Puis les Bernâtre au début du 14ème et les du Quesnoy au milieu du 14ème, la terre fut confisquée sur Jean du Quesnoy, condamné au bannissement, avant de lui être restituée en 1403.
Capitaine de St Valery en 1435, Robert du Quesnoy participa à la lutte contre les écorcheurs au côté d'André de Rambures.
Du Quesnoy : d'or à l'aigle de sable
En 1454 on trouve Guillaume du Quesnoy, qui dix ans plus tard en fit don à son neveu Josse de Vaudricourt qui épousa Marie de Biencourt, dame d'Arry.
de Vaudricourt : de gueules à l'orle d'argent.
Le château devient bientôt un point d'appui sur l'Authie qui marque la frontière et a certainement beaucoup souffert des guerres qui se succèdent jusqu'au milieu du 17ème siècle.
En 1570, le mariage d'Anne de Vaudricourt le fait passer à Louis de Monchy d'Hocquincourt, gouverneur de Ham.
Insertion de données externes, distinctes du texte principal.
Lemma code_gen_echelon C : is_code C ->
  exists g1 g3 (h : A), [/\ g1 \is monic, g1 %| f, g3 \is monic,
    forall p, (mx12 0 (pi p) \in C) = (g3 %| p) & gen_echelon C (pi g1) h (pi g3)].
Proof.
case=> C0 CD CZ; rewrite -mx12_0 in C0.
have CD12 a b c d : mx12 a b \in C -> mx12 c d \in C -> mx12 (a + c) (b + d) \in C.
  by rewrite -mx12D; apply: CD.
have CZ12 u a b : mx12 a b \in C -> mx12 (u * a) (u * b) \in C.
  by rewrite -mx12Z; apply: CZ.
pose lead a := [exists b, mx12 a b \in C].
have lead0 : lead 0 by apply/existsP; exists 0.
have leadD a c : lead a -> lead c -> lead (a + c).
  move=> /existsP [b Cab] /existsP [d Ccd].
  by apply/existsP; exists (b + d); apply: CD12.
have leadM u a : lead a -> lead (u * a).
  by move=> /existsP [b Cab]; apply/existsP; exists (u * b); apply: CZ12.
have [g1 [g1m g1f memI]] := qpoly_ideal lead0 leadD leadM.
have tailD b d : mx12 0 b \in C -> mx12 0 d \in C -> mx12 0 (b + d) \in C.
  by move=> /CD12 Cb /Cb; rewrite addr0.
have tailM u b : mx12 0 b \in C -> mx12 0 (u * b) \in C.
  by move=> /(CZ12 u); rewrite mulr0.
have [g3 [g3m _ memJ]] := qpoly_ideal C0 tailD tailM.
have /existsP [h Ch] : lead (pi g1) by rewrite memI.
exists g1, g3, h; split => // a b; split => [Cab | [u [v [-> ->]]]].
  have [u aE] : exists u, a = u * pi g1.
    exists (pi (val a %/ g1)); rewrite in_qpoly_divpK // -(memI (val a)) in_qpoly_val.
    by apply/existsP; exists b.
  have : mx12 0 (b - u * h) \in C.
    by have := CD12 _ _ _ _ Cab (CZ12 (- u) _ _ Ch); rewrite aE !mulNr subrr.
  rewrite -[b - _]in_qpoly_val memJ => /in_qpoly_divpK vE.
  by exists u, (pi (val (b - u * h) %/ g3)); rewrite vE addrC subrK.
have Cx3 : mx12 0 (pi g3) \in C by rewrite memJ.
by have := CD12 _ _ _ _ (CZ12 u _ _ Ch) (CZ12 v _ _ Cx3); rewrite mulr0 addr0.
Qed.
Saccagés en 1635 par les Espagnols, les bâtiments sont réparés à des fins utilitaires, ils abritent sous Louis XIV un poste de douane et un entrepôt pour le sel, tandis que le logis est remis en état pour héberger le capitaine.
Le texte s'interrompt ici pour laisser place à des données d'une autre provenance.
Lemma Re_cdot_self_gt0 u : u != 0 -> 0 < complex.Re (cdot u u).
Proof.
move=> u0; have [k uk0] : exists k, u k 0 != 0.
  apply/existsP; apply: contraNT u0 => /existsPn u0; apply/eqP/matrixP => k l.
  by rewrite (ord1 l) mxE; apply/eqP; move: (u0 k); rewrite negbK.
rewrite cdot_self /= (bigD1 k) //= ltr_pwDl ?sqr_Re_Im_gt0 ?sumr_ge0 // => l _.
by rewrite addr_ge0 ?sqr_ge0.
Qed.

Lemma cdot_onb_sum U u : orthonormal_basis U ->
  \sum_x (cdot (col x U) u)^* * cdot (col x U) u = cdot u u.
Proof.
(* V U = 1 forces U V = 1, so u |-> V u preserves cdot. *)
move=> U_onb; set V := (map_mx Num.conj U)^T.
have VU : V *m U = 1%:M.
  by apply/matrixP => k l; rewrite !mxE -U_onb /cdot; apply: eq_bigr => m _; rewrite !mxE.
have cdot_colE x : cdot (col x U) u = (V *m u) x 0.
  by rewrite /cdot mxE; apply: eq_bigr => k _; rewrite !mxE.
have cdotE w1 w2 : cdot w1 w2 = ((map_mx Num.conj w1)^T *m w2) 0 0.
  by rewrite /cdot mxE; apply: eq_bigr => k _; rewrite !mxE.
under eq_bigr do rewrite cdot_colE.
rewrite -[LHS]/(cdot (V *m u) (V *m u)) !cdotE map_mxM trmx_mul mulmxA.
have -> : (map_mx Num.conj V)^T = U by apply/matrixP => k l; rewrite !mxE conjCK.
by rewrite -(mulmxA _ U) (mulmx1C VU) mulmx1.
Qed.

Lemma ketbra_mulmx u w y : ketbra u w *m y = cdot w y *: u.
Proof.
apply/matrixP => k l; rewrite !mxE /cdot mulr_suml; apply: eq_bigr => m _.
by rewrite mxE (ord1 l); ring.
Qed.

Lemma ketbra_idem u : cdot u u = 1 -> ketbra u u *m ketbra u u = ketbra u u.
Proof.
move=> u1; apply/matrixP => k l; rewrite -[in RHS](mul1r (ketbra u u k l)) -u1.
by rewrite !mxE /cdot mulr_suml; apply: eq_bigr => m _; rewrite !mxE; ring.
Qed.

Lemma spectrum_idem {A} {z : C} : A *m A = A -> z \in spectrum A -> z = 0 \/ z = 1.
Proof.
move=> AA; rewrite /spectrum; case: closed_field_poly_normal => r /= charAE zr.
have : root (char_poly A) z.
  by rewrite charAE rootZ ?root_prod_XsubC // lead_coef_eq0 monic_neq0 // char_poly_monic.
rewrite -eigenvalue_root_char => /eigenvalueP [w wA w0].
have /eqP : (z * z) *: w = z *: w by rewrite -scalerA -wA scalemxAl -wA -mulmxA AA.
rewrite -subr_eq0 -scalerBl scaler_eq0 (negbTE w0) orbF subr_eq0 => /eqP zz.
have [->|z0] := eqVneq z 0; [by left | right].
by apply: (mulfI z0); rewrite zz mulr1.
Qed.

Lemma vonNeumann_idem A : A *m A = A -> vonNeumann A = 0.
Proof.
move=> AA; rewrite /vonNeumann big_seq big1 ?oppr0 // => z /(spectrum_idem AA) [] ->.
  by rewrite mul0r.
by rewrite ln1 mulr0.
Qed.

Lemma coherence_pure U u : cdot u u = 1 ->
  coherence U (ketbra u u) =
  shannon (fun x => complex.Re ((cdot (col x U) u)^* * cdot (col x U) u)).
Proof.
move=> u1; rewrite /coherence vonNeumann_idem ?ketbra_idem // oppr0 add0r.
by congr shannon; apply/funext => x; rewrite ketbra_mulmx cdotZr -cdotC.
Qed.

End InnerProduct.

Section CurveCoordinates.
Context {R : realType} {N : nat}.
Local Notation C := R[i].
Implicit Types (psi : R -> 'cV[C]_N) (U : 'M[C]_N) (w : 'cV[C]_N).

Definition curve_derivable psi := forall k t,
  derivable (fun s => complex.Re (psi s k 0)) t 1 /\
  derivable (fun s => complex.Im (psi s k 0)) t 1.

Lemma curveC2_derivable psi : curveC2 psi -> curve_derivable psi.
Proof. by move=> psiC2 k t; have [[? _] [? _]] := psiC2 k. Qed.

Lemma curveC2_derivable_dcurve psi : curveC2 psi -> curve_derivable (dcurve psi).
Proof.
move=> psiC2 k t; have [[_ [dre _]] [_ [dim _]]] := psiC2 k.
have -> : (fun s => complex.Re (dcurve psi s k 0)) =
          derive1 (fun s => complex.Re (psi s k 0)).
  by apply/funext => s; rewrite mxE.
have -> : (fun s => complex.Im (dcurve psi s k 0)) =
          derive1 (fun s => complex.Im (psi s k 0)).
  by apply/funext => s; rewrite mxE.
by split.
Qed.

Lemma is_derive_Re_cdot psi w (t : R) : curve_derivable psi ->
  is_derive t 1 (fun s => complex.Re (cdot w (psi s)))
    (complex.Re (cdot w (dcurve psi t))).
Proof.
move=> dpsi.
have -> : complex.Re (cdot w (dcurve psi t)) =
    \sum_k (complex.Re (w k 0) *: 'D_1 (fun s => complex.Re (psi s k 0)) t
          + complex.Im (w k 0) *: 'D_1 (fun s => complex.Im (psi s k 0)) t).
  by rewrite Re_cdot; apply: eq_bigr => k _; rewrite /dcurve mxE /= !derive1E.
have -> : (fun s => complex.Re (cdot w (psi s))) =
    \sum_k (complex.Re (w k 0) *: (fun s => complex.Re (psi s k 0))
          + complex.Im (w k 0) *: (fun s => complex.Im (psi s k 0))).
  by apply/funext => s; rewrite Re_cdot fct_sumE; apply: eq_bigr => k _.
exact: is_derive_sum (fun k =>
  is_deriveD (is_deriveZ (complex.Re (w k 0)) (derivableP (dpsi k t).1))
             (is_deriveZ (complex.Im (w k 0)) (derivableP (dpsi k t).2))).
Qed.

Lemma is_derive_Im_cdot psi w (t : R) : curve_derivable psi ->
  is_derive t 1 (fun s => complex.Im (cdot w (psi s)))
    (complex.Im (cdot w (dcurve psi t))).
Proof.
move=> /(is_derive_Re_cdot _ ('i%C *: w) t); rewrite -Im_cdot.
by congr is_derive; apply/funext => s; rewrite Im_cdot.
Qed.


Variables (psi : R -> 'cV[C]_N) (U : 'M[C]_N).

Definition coord_re (x : 'I_N) t := complex.Re (cdot (col x U) (psi t)).
Definition coord_im (x : 'I_N) t := complex.Im (cdot (col x U) (psi t)).

Lemma coherence_curve t : cdot (psi t) (psi t) = 1 ->
  coherence U (ketbra (psi t) (psi t)) =
  shannon (fun x => sqmod (coord_re x) (coord_im x) t).
Proof.
move=> psi1; rewrite coherence_pure //; congr shannon; apply/funext => x.
by rewrite Re_conjM /sqmod !expr2.
Qed.

Lemma sum_sqmod_coord : orthonormal_basis U -> (forall t, cdot (psi t) (psi t) = 1) ->
  forall t, \sum_x sqmod (coord_re x) (coord_im x) t = 1.
Proof.
move=> U_onb psi1 t.
under eq_bigr do rewrite /sqmod /coord_re /coord_im !expr2 -Re_conjM.
by rewrite -raddf_sum cdot_onb_sum // psi1.
Qed.

Lemma dsqmod_coord x t : curve_derivable psi ->
  dsqmod (coord_re x) (coord_im x) t =
  2 * complex.Re ((cdot (col x U) (psi t))^* * cdot (col x U) (dcurve psi t)).
Proof.
move=> dpsi; rewrite /dsqmod Re_conjM !derive1E.
have [_ ->] := is_derive_Re_cdot _ (col x U) t dpsi.
by have [_ ->] := is_derive_Im_cdot _ (col x U) t dpsi.
Qed.

Hypothesis psi_C2 : curveC2 psi.

Lemma derivable_coord_re x t : derivable (coord_re x) t 1.
Proof. by case: (is_derive_Re_cdot _ (col x U) t (curveC2_derivable _ psi_C2)). Qed.

Lemma derivable_coord_im x t : derivable (coord_im x) t 1.
Proof. by case: (is_derive_Im_cdot _ (col x U) t (curveC2_derivable _ psi_C2)). Qed.

Lemma derive1_coord_re x :
  derive1 (coord_re x) = fun t => complex.Re (cdot (col x U) (dcurve psi t)).
Proof.
apply/funext => t; rewrite derive1E.
by case: (is_derive_Re_cdot _ (col x U) t (curveC2_derivable _ psi_C2)).
Qed.

Lemma derive1_coord_im x :
  derive1 (coord_im x) = fun t => complex.Im (cdot (col x U) (dcurve psi t)).
Proof.
apply/funext => t; rewrite derive1E.
by case: (is_derive_Im_cdot _ (col x U) t (curveC2_derivable _ psi_C2)).
Qed.

Lemma derivable_derive1_coord_re x t : derivable (derive1 (coord_re x)) t 1.
Proof.
rewrite derive1_coord_re.
by case: (is_derive_Re_cdot _ (col x U) t (curveC2_derivable_dcurve _ psi_C2)).
Qed.

Lemma derivable_derive1_coord_im x t : derivable (derive1 (coord_im x)) t 1.
Proof.
rewrite derive1_coord_im.
by case: (is_derive_Im_cdot _ (col x U) t (curveC2_derivable_dcurve _ psi_C2)).
Qed.

Lemma coord_vanish x t :
  cdot (col x U) (psi t) = 0 -> cdot (col x U) (dcurve psi t) = 0 ->
  [/\ coord_re x t = 0, coord_im x t = 0,
      derive1 (coord_re x) t = 0 & derive1 (coord_im x) t = 0].
Proof.
by move=> x0 x'0; rewrite derive1_coord_re derive1_coord_im /coord_re /coord_im x0 x'0.
Qed.

End CurveCoordinates.

Section PlusMinusBasis.
Context {R : realType} {N : nat}.
Local Notation C := R[i].

Lemma conjC_real (r : R) : (r%:C%C : C)^* = r%:C%C.
Proof. by apply/eqP; rewrite eq_complex /= oppr0 !eqxx. Qed.

Lemma cdot_perp_unit {u} (w : 'cV[C]_N) : cdot u u = 1 -> cdot (w - cdot u w *: u) u = 0.
Proof. by move=> u1; rewrite cdotBl cdotZl -cdotC u1 mulr1 subrr. Qed.

Lemma cdot_add_orth (w e : 'cV[C]_N) (z : C) : cdot w e = 0 -> cdot e e = 1 ->
  cdot (w + z *: e) (w + z *: e) = cdot w w + z^* * z.
Proof.
move=> we e1; rewrite cdotDl !cdotDr !cdotZl !cdotZr we (cdotC e w) we e1.
by rewrite conjC0 !mulr0 !addr0 add0r mulr1.
Qed.

Lemma gFS_perp (u w : 'cV[C]_N) : cdot u u = 1 ->
  gFS u w = complex.Re (cdot (w - cdot u w *: u) (w - cdot u w *: u)).
Proof.
move=> u1; rewrite /gFS -{1 2}[w](subrK (cdot u w *: u)).
rewrite cdot_add_orth ?cdot_perp_unit // (cdotC w u) conjCK.
by rewrite raddfD /= mulrC addrK.
Qed.

Context {ket0 v : 'cV[C]_N} {U : 'M[C]_N} {i j : 'I_N}.
Let vperp := v - cdot ket0 v *: ket0.
Let n := Num.sqrt (complex.Re (cdot vperp vperp)).
Let c : C := (n^-1)%:C%C.
Let s : C := ((Num.sqrt 2)^-1)%:C%C.
Hypotheses (ket0_unit : cdot ket0 ket0 = 1) (U_onb : orthonormal_basis U).
Hypothesis vperp_neq0 : vperp != 0.
Hypotheses (Ui : col i U = s *: (ket0 + c *: vperp))
           (Uj : col j U = s *: (ket0 - c *: vperp)).

Let vperp_ket0 : cdot vperp ket0 = 0 := cdot_perp_unit v ket0_unit.

Lemma cdot_plus_ket0 : cdot (col i U) ket0 = s.
Proof.
by rewrite Ui cdotZl cdotDl cdotZl ket0_unit vperp_ket0 !conjC_real mulr0 addr0 mulr1.
Qed.

Lemma cdot_minus_ket0 : cdot (col j U) ket0 = s.
Proof.
by rewrite Uj cdotZl cdotBl cdotZl ket0_unit vperp_ket0 !conjC_real mulr0 subr0 mulr1.
Qed.

Let s_neq0 : s != 0.
Proof. by rewrite eq_complex /= negb_and invr_eq0 sqrtr_eq0 -ltNge ltr0n. Qed.

Let n_gt0 : 0 < n.
Proof. by rewrite sqrtr_gt0 Re_cdot_self_gt0. Qed.

Let c_neq0 : c != 0.
Proof. by rewrite eq_complex /= negb_and invr_eq0 (gt_eqF n_gt0). Qed.

Let col_plus_sub_minus :
  col i U - col j U = ((Num.sqrt 2)^-1 * n^-1 *+ 2)%:C%C *: vperp.
Proof. by rewrite Ui Uj; apply/matrixP => k l; rewrite !mxE; ring. Qed.

Lemma plus_neq_minus : i != j.
Proof.
apply: contraNneq vperp_neq0 => ij; move/eqP: col_plus_sub_minus.
rewrite ij subrr eq_sym scaler_eq0 orbC => /orP[] // /eqP/complexI/eqP.
by rewrite gt_eqF // pmulrn_lgt0 // mulr_gt0 // invr_gt0 // sqrtr_gt0.
Qed.

Lemma cdot_other_ket0_v x : x != i -> x != j ->
  cdot (col x U) ket0 = 0 /\ cdot (col x U) v = 0.
Proof.
move=> xi xj.
have /eqP : cdot (col x U) (col i U) = 0 by rewrite U_onb (negbTE xi).
have /eqP : cdot (col x U) (col j U) = 0 by rewrite U_onb (negbTE xj).
rewrite Ui Uj !cdotZr cdotBr cdotDr !cdotZr !mulf_eq0 (negbTE s_neq0) /=.
set c0 := cdot (col x U) ket0; set cp := cdot (col x U) vperp.
move=> /eqP minus0 /eqP plus0.
have /eqP : 2 * c0 = 0 by rewrite -[RHS](addr0 0) -{1}plus0 -minus0; ring.
rewrite mulf_eq0 pnatr_eq0 /= => /eqP c00.
have /eqP : 2 * c * cp = 0 by rewrite -[RHS](subr0 0) -{1}plus0 -minus0; ring.
rewrite !mulf_eq0 pnatr_eq0 (negbTE c_neq0) /= => /eqP cp0.
rewrite -[v](subrK (cdot ket0 v *: ket0)) -/vperp cdotDr cdotZr -/c0 -/cp.
by rewrite c00 cp0 mulr0 addr0.
Qed.

Let cdot_vperp : cdot vperp vperp = (n ^+ 2)%:C%C.
Proof. by rewrite sqr_sqrtr ?ltW ?Re_cdot_self_gt0 // cdot_self. Qed.

Let c_vperp_v : c * cdot vperp v = n%:C%C.
Proof.
rewrite -[v](subrK (cdot ket0 v *: ket0)) -/vperp cdotDr cdotZr vperp_ket0.
by rewrite mulr0 addr0 cdot_vperp -rmorphM /= expr2 (mulKf (lt0r_neq0 n_gt0)).
Qed.

Lemma cdot_plus_v : cdot (col i U) v = s * (cdot ket0 v + n%:C%C).
Proof. by rewrite Ui cdotZl cdotDl cdotZl !conjC_real c_vperp_v. Qed.

Lemma cdot_minus_v : cdot (col j U) v = s * (cdot ket0 v - n%:C%C).
Proof. by rewrite Uj cdotZl cdotBl cdotZl !conjC_real c_vperp_v. Qed.

Lemma Re_overlap_plus_sub_minus :
  complex.Re ((cdot (col i U) ket0)^* * cdot (col i U) v)
  - complex.Re ((cdot (col j U) ket0)^* * cdot (col j U) v) = n.
Proof.
rewrite cdot_plus_ket0 cdot_minus_ket0 cdot_plus_v cdot_minus_v conjC_real /s.
case: (cdot ket0 v) => a b /=; transitivity (2 * (Num.sqrt 2)^-1 ^+ 2 * n); first by ring.
by rewrite exprVn sqr_sqrtr // mulfV ?pnatr_eq0 // mul1r.
Qed.

End PlusMinusBasis.

Theorem proposition2 (R : realType) (N : nat) (psi : R -> 'cV[R[i]]_N)
  (hunit : forall t : R, cdot (psi t) (psi t) = 1)
  (hC2 : curveC2 psi)
  (lam : R) (U : 'M[R[i]]_N) (hU : orthonormal_basis U) :
  let ket0 := psi lam in
  let v := dcurve psi lam in
  let vperp := v - cdot ket0 v *: ket0 in
  let c := ((Num.sqrt (complex.Re (cdot vperp vperp)))^-1)%:C%C in
  let s := ((Num.sqrt (2 : R))^-1)%:C%C in
  let ketplus := s *: (ket0 + c *: vperp) in
  let ketminus := s *: (ket0 - c *: vperp) in
  vperp != 0 ->
  (exists i : 'I_N, col i U = ketplus) ->
  (exists j : 'I_N, col j U = ketminus) ->
  let f := fun dl : R => coherence U (ketbra (psi (lam + dl)) (psi (lam + dl))) in
  (\forall dl \near (0 : R), derivable f dl 1) /\
  derivable (derive1 f) 0 1 /\
  - derive1n 2 f 0 = 4 * gFS ket0 v.
Proof.
move=> ket0 v vperp c s ketplus ketminus vperp0 [i Ui] [j Uj] f.
have da := derivable_coord_re psi U hC2; have db := derivable_coord_im psi U hC2.
have d2a := derivable_derive1_coord_re psi U hC2.
have d2b := derivable_derive1_coord_im psi U hC2.
have sum1 := sum_sqmod_coord psi U hU hunit.
have ij := plus_neq_minus vperp0 Ui Uj.
have p_ij : sqmod (coord_re psi U i) (coord_im psi U i) lam =
            sqmod (coord_re psi U j) (coord_im psi U j) lam.
  rewrite /sqmod /coord_re /coord_im.
  by rewrite (cdot_plus_ket0 (hunit lam) Ui) (cdot_minus_ket0 (hunit lam) Uj).
have vanish x : x != i -> x != j ->
    [/\ coord_re psi U x lam = 0, coord_im psi U x lam = 0,
        derive1 (coord_re psi U x) lam = 0 & derive1 (coord_im psi U x) lam = 0].
  move=> xi xj; have [] := cdot_other_ket0_v hU vperp0 Ui Uj x xi xj.
  exact: coord_vanish.
have fE : f = fun d =>
    shannon (fun x => sqmod (coord_re psi U x) (coord_im psi U x) (lam + d)).
  by apply/funext => d; rewrite /f coherence_curve.
rewrite fE; have [df [d2f ->]] := derive1n2_shift (is_derive_shannon_sqmod da db)
  (is_derive2_shannon_sqmod da db d2a d2b sum1 lam _ _ ij p_ij vanish).
split => //; split => //.
have dpsi := curveC2_derivable psi hC2.
rewrite opprK (dsqmod_coord psi U i lam dpsi) (dsqmod_coord psi U j lam dpsi).
rewrite -mulrBr (Re_overlap_plus_sub_minus (hunit lam) vperp0 Ui Uj).
by rewrite (gFS_perp _ v (hunit lam)) exprMn sqr_sqrtr ?ltW ?Re_cdot_self_gt0 // -natrX.
Qed.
En 1712, Marie-Madeleine de Monchy, marquise de Feuquières, se défait de l'ensemble de ses biens en Ponthieu.
Elle vend la seigneurie à Philippe Becquin, lieutenant-criminel en la sénéchaussée de Ponthieu, il fait alors restaurer le château et lui rend sa vocation résidentielle.
Becquin : d'azur à la tête d'aigle arrachée d'or, tenant dans son bec un hameçon d'argent, à la champagne du même.
Armes parlantes : bec d'aigle et le hameçon ou hain (bec-hain)
En 1764, Marguerite Becquin de Vercourt épouse Charles-François du Maisniel, aïeul de Charles-Amédée du Maisniel qui fait à nouveau restaurer les bâtiments après son mariage avec gabrielle de Belleval en 1836.

du Maisniel : d'argent à deux fasces de gueules, chargées chacune de trois besants d'or.
Armoiries des Du Maisniel sur l'ossuaire (merci à Jacques Hebert)
Ce sont ses armes au-dessus de la porte, accostées de deux lions
En 1866, Marguerite du Maisniel l'apporte en mariage à Maurice de Bertoult dont la famille le garde jusqu'en 1924.
Acquis par Paul Waymel qui le fait restaurer une fois encore.
Le château est endommagé au cours des combats de 1944 et remis en état par M.Mourral.
A nouveau mis en vente, le domaine sert aujourd'hui de cadre à un golf.